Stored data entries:
|---|

(* Let $k$, $n$, and $d$ be positive integers with $n\geq 2d$, $\gcd(n,d)=1$, and $\frac{n}{d}<k$. If $G$ is a finite, simple, undirected, connected graph with $\chi(G)=k$ and $\chi_c(G)=\frac{n}{d}$, then $G$ has a $k$-coloring $f$ such that (1) for at least $\left(\frac{\chi(G)(\chi_c(G)+1-\chi(G))}{\chi_c(G)}\right)|V(G)|$ vertices $u$ of $G$, some full $f$-rainbow path begins at $u$, and (2) for each of the remaining vertices $v$ of $G$, some $f$-rainbow path of order $k-1$ begins at $v$.
   Context: For a positive integer $k$, $[k]=\{1,\dots,k\}$. A $k$-coloring of $G$ is a function $f:V(G)\to[k]$ with $f(u)\neq f(v)$ for every two adjacent vertices $u,v$; $\chi(G)$ is the minimum $k$ for which a $k$-coloring exists. For positive integers $n,d$ with $n\ge 2d$ and $\gcd(n,d)=1$, an $(n,d)$-coloring of $G$ is a function $c:V(G)\to[n]$ with $d\le |c(u)-c(v)|\le n-d$ for every two adjacent vertices $u,v$. The circular chromatic number $\chi_c(G)$ is the infimum (in fact a minimum) of $n/d$ over all $(n,d)$-colorings of $G$. For a $k$-coloring $f$, an $f$-rainbow path is a path in $G$ whose vertices have pairwise distinct colors under $f$; it is full if it has order (number of vertices) $k$. A path begins at $u$ if $u$ is one of its end vertices. *)

From mathcomp Require Import all_boot all_order all_algebra.
Set Implicit Arguments. Unset Strict Implicit. Unset Printing Implicit Defensive.

Definition simple_graph (T : finType) (e : rel T) : Prop :=
  symmetric e /\ irreflexive e.

Definition connected_graph (T : finType) (e : rel T) : Prop :=
  forall x y : T, connect e x y.

Definition is_coloring (T : finType) (e : rel T) (k : nat) (f : T -> nat) : Prop :=
  (forall v, 1 <= f v <= k) /\ (forall u v, e u v -> f u != f v).

Definition chromatic_number (T : finType) (e : rel T) (k : nat) : Prop :=
  (exists f, is_coloring e k f) /\
  (forall j (f : T -> nat), is_coloring e j f -> k <= j).

Definition natdist (a b : nat) : nat := maxn (a - b) (b - a).

Definition is_circ_coloring (T : finType) (e : rel T) (n d : nat) (c : T -> nat) : Prop :=
  [/\ 0 < d, 2 * d <= n, coprime n d,
      (forall v, 1 <= c v <= n) &
      (forall u v, e u v -> d <= natdist (c u) (c v) <= n - d)].

Definition circ_chromatic_number (T : finType) (e : rel T) (q : rat) : Prop :=
  (exists n d c, is_circ_coloring e n d c /\ q = (n%:Q / d%:Q)%R) /\
  (forall n d c, is_circ_coloring e n d c -> (q <= n%:Q / d%:Q)%R).

Definition is_graph_path (T : finType) (e : rel T) (p : seq T) : Prop :=
  match p with
  | [::] => False
  | x :: s => path e x s /\ uniq p
  end.

Definition rainbow_path (T : finType) (e : rel T) (f : T -> nat) (p : seq T) : Prop :=
  is_graph_path e p /\ uniq (map f p).

Definition begins_at (T : finType) (u : T) (p : seq T) : Prop :=
  match p with
  | [::] => False
  | x :: s => u = x \/ u = last x s
  end.

From mathcomp Require Import all_boot all_order all_algebra zify ring.
From Stdlib Require Import ClassicalEpsilon Classical.
Import GRing.Theory Num.Theory.
Set Implicit Arguments. Unset Strict Implicit.

(* Work with colourings c : V -> Z_n in which adjacent colours are at circular
   distance at least d, and call an arc uv tight when c v = c u + d.  As n/d is
   the circular chromatic number, such a colouring can be chosen so that every
   vertex has a tight out-neighbour: if no vertex starts arbitrarily long tight
   walks, the tight digraph is acyclic and its height function perturbs c into
   a colouring of smaller ratio; otherwise, shifting the colours of the other
   vertices by the least slack of an edge leaving them enlarges the set of
   vertices that do.  For a shift t, f v = ((c v + t) mod n) / d + 1 is a
   k-colouring, and along a tight walk from v the colours c v + t, c v + t + d,
   ... have k - 1 distinct images under f, and k of them as soon as
   ((c v + t) mod n) mod d < n - (k - 1) d.  Each vertex satisfies this for at
   least k (n - (k - 1) d) shifts t, so averaging over t gives a shift that
   works for a fraction k (n - (k - 1) d) / n = k (n/d + 1 - k) / (n/d) of the
   vertices. *)

Ltac case_ifs_lia :=
  repeat match goal with
  | |- context [if ?b then _ else _] =>
      lazymatch b with
      | context [if _ then _ else _] => fail
      | _ => let E := fresh "E" in case E: b
      end
  end; lia.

|---|

TASK DESCRIPTION: Copy, exactly and only, the lines above that begin with the one containing "walks, the tight" and finish with the one containing "repeat match goal with".

RESULT OF THE TASK:
   walks, the tight digraph is acyclic and its height function perturbs c into
   a colouring of smaller ratio; otherwise, shifting the colours of the other
   vertices by the least slack of an edge leaving them enlarges the set of
   vertices that do.  For a shift t, f v = ((c v + t) mod n) / d + 1 is a
   k-colouring, and along a tight walk from v the colours c v + t, c v + t + d,
   ... have k - 1 distinct images under f, and k of them as soon as
   ((c v + t) mod n) mod d < n - (k - 1) d.  Each vertex satisfies this for at
   least k (n - (k - 1) d) shifts t, so averaging over t gives a shift that
   works for a fraction k (n - (k - 1) d) / n = k (n/d + 1 - k) / (n/d) of the
   vertices. *)

Ltac case_ifs_lia :=
  repeat match goal with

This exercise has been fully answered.